Na última semana, Neymar acusou o adversário Álvaro Gonzáles, do Olympique, de racismo, ao, supostamente, tê-lo tratado como “macaco FDP”.

Até o momento, não há comprovação, nem testemunhas que atestem a agressão.

O próprio PSG, em nota oficial, referindo-se ao episódio, preferiu seu cauteloso, deixando claro que tratava-se da versão de Neymar.
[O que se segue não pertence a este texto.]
(* For every odd prime $p$ there exists a $\Gamma_p$-equivariant continuous map $f:S(U_1\oplus U_1)\to S(U_p\oplus (p-1)V_1)$. (Here $\dim_{\mathbb{R}}(U_1\oplus U_1)=4p>\dim_{\mathbb{R}}(U_p\oplus(p-1)V_1)=4p-2$, and both representations have no nonzero $\Gamma_p$-fixed vectors.)
   Context: Let $a$ be a fixed generator of $C_p$ and $\xi_p=e^{2\pi\sqrt{-1}/p}$. $\Gamma_p=T^{p-1}\rtimes_\rho C_p$ is the semidirect product with $a t a^{-1}=\rho(a)(t)$, $\rho(a)(t)=(t_{p-1}^{-1},\,t_1t_{p-1}^{-1},\dots,t_{p-2}t_{p-1}^{-1})$ for $t=(t_1,\dots,t_{p-1})$. For $k\in\mathbb{Z}\setminus\{0\}$, $U_k=\mathbb{C}^p$ with coordinates $(z_0,\dots,z_{p-1})$, $a\cdot(z_0,\dots,z_{p-1})=(z_{p-1},z_0,\dots,z_{p-2})$ and $t\cdot(z_0,\dots,z_{p-1})=(t_1^kz_0,\ t_1^{-k}t_2^kz_1,\ \dots,\ t_{p-2}^{-k}t_{p-1}^kz_{p-2},\ t_{p-1}^{-k}z_{p-1})$. $V_1=\mathbb{C}$ with $T^{p-1}$ acting trivially and $a\cdot z=\xi_pz$; $(p-1)V_1$ is the direct sum of $p-1$ copies. $S(\cdot)$ denotes the unit sphere of the underlying real representation. *)

From HB Require Import structures.
From mathcomp Require Import all_boot all_order all_algebra.
From mathcomp Require Import all_classical all_reals all_analysis.
From mathcomp Require Import complex.
Import Order.TTheory GRing.Theory Num.Theory numFieldNormedType.Exports.



Unset Printing Implicit Defensive.

Local Open Scope ring_scope.
Local Open Scope complex_scope.

(* The complex numbers over a real type R, packaged as a numClosedFieldType
   so that the (norm) topology of MathComp-Analysis is found canonically. *)
Definition Cplx (R : realType) : numClosedFieldType := R[i].

Section Gamma.
Variable R : realType.
Local Notation C := (Cplx R).

Definition xi (p : nat) : C :=
  (cos (2 * pi / p%:R) +i* sin (2 * pi / p%:R))%C.

(* An element t = (t_1, ..., t_{p-1}) of the torus T^{p-1} is encoded as a
   function t : nat -> C; only the values t 1, ..., t (p-1) matter. *)
Definition in_torus (p : nat) (t : nat -> C) : Prop :=
  forall i, (0 < i < p)%N -> `|t i| = 1.

Definition tc (p : nat) (t : nat -> C) (j : nat) : C :=
  if (0 < j < p)%N then t j else 1.

Definition sqnorm (n : nat) (v : 'rV[C]_n) : C := \sum_(j < n) `|v ord0 j| ^+ 2.

Definition torusU (p : nat) (k : int) (t : nat -> C) (v : 'rV[C]_p) : 'rV[C]_p :=
  \row_(j < p) (tc p t j ^ (- k) * tc p t j.+1 ^ k * v ord0 j).

(* Action of the generator a on U_k: (z_0,...,z_{p-1}) |-> (z_{p-1}, z_0, ..., z_{p-2}),
   i.e. the new j-th coordinate is the old (j-1 mod p)-th one. *)
Definition shiftU (p : nat) (v : 'rV[C]_p) : 'rV[C]_p :=
  \row_(j < p) v ord0 (insubd j ((j + p.-1) %% p)%N).

Definition actU (p : nat) (k : int) (t : nat -> C) (m : nat) (v : 'rV[C]_p) :=
  torusU p k t (iter m (shiftU p) v).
Com tantos jogadores no entorno do bate-boca, de fato é estranha a inexistência de outros indignados.

Ontem, novo ângulo de vídeo, porém, revela que Neymar tratou Gonzáles como ‘puto maricon’.

É a única prova cabal de preconceito, até o momento.

Não é a primeira vez que Neymar demonstra-se dessa maneira.

Recentemente, o então namorado de sua mãe, que, antes, havia se relacionado com homens, foi por ele tratado como ‘esse dá o cú’ e ‘viadinho que ela está pegando’.

Houve até, sem oposição de Neymar, quem, entre seus ‘parças’, sugeriu ‘enfiar o cabo de vassoura’ no rapaz.

Neymar, os ‘parças’ e os preconceitos

O racismo é imperdoável, fato.

Se Neymar foi realmente vítima desse tipo de comportamento, deve ser protegido e defendido pelo mundo civilizado.

Mas, diante do histórico de simulações que acompanha um homem feito que se comporta, próximo dos 30 anos, com a inconsequência dos adolescentes, não há, sem provas cabais, como acreditar em sua versão.

Opinião, ao que parece, que é também a de quem lhe paga os salários.

Comprovação existe, apenas, de que, com frequência, Neymar age com repulsa ao comportamento sexual que lhe desagrada, assim como, anos atrás, sequer assumia-se como preto, conforme revela entrevista concedida ao Estadão.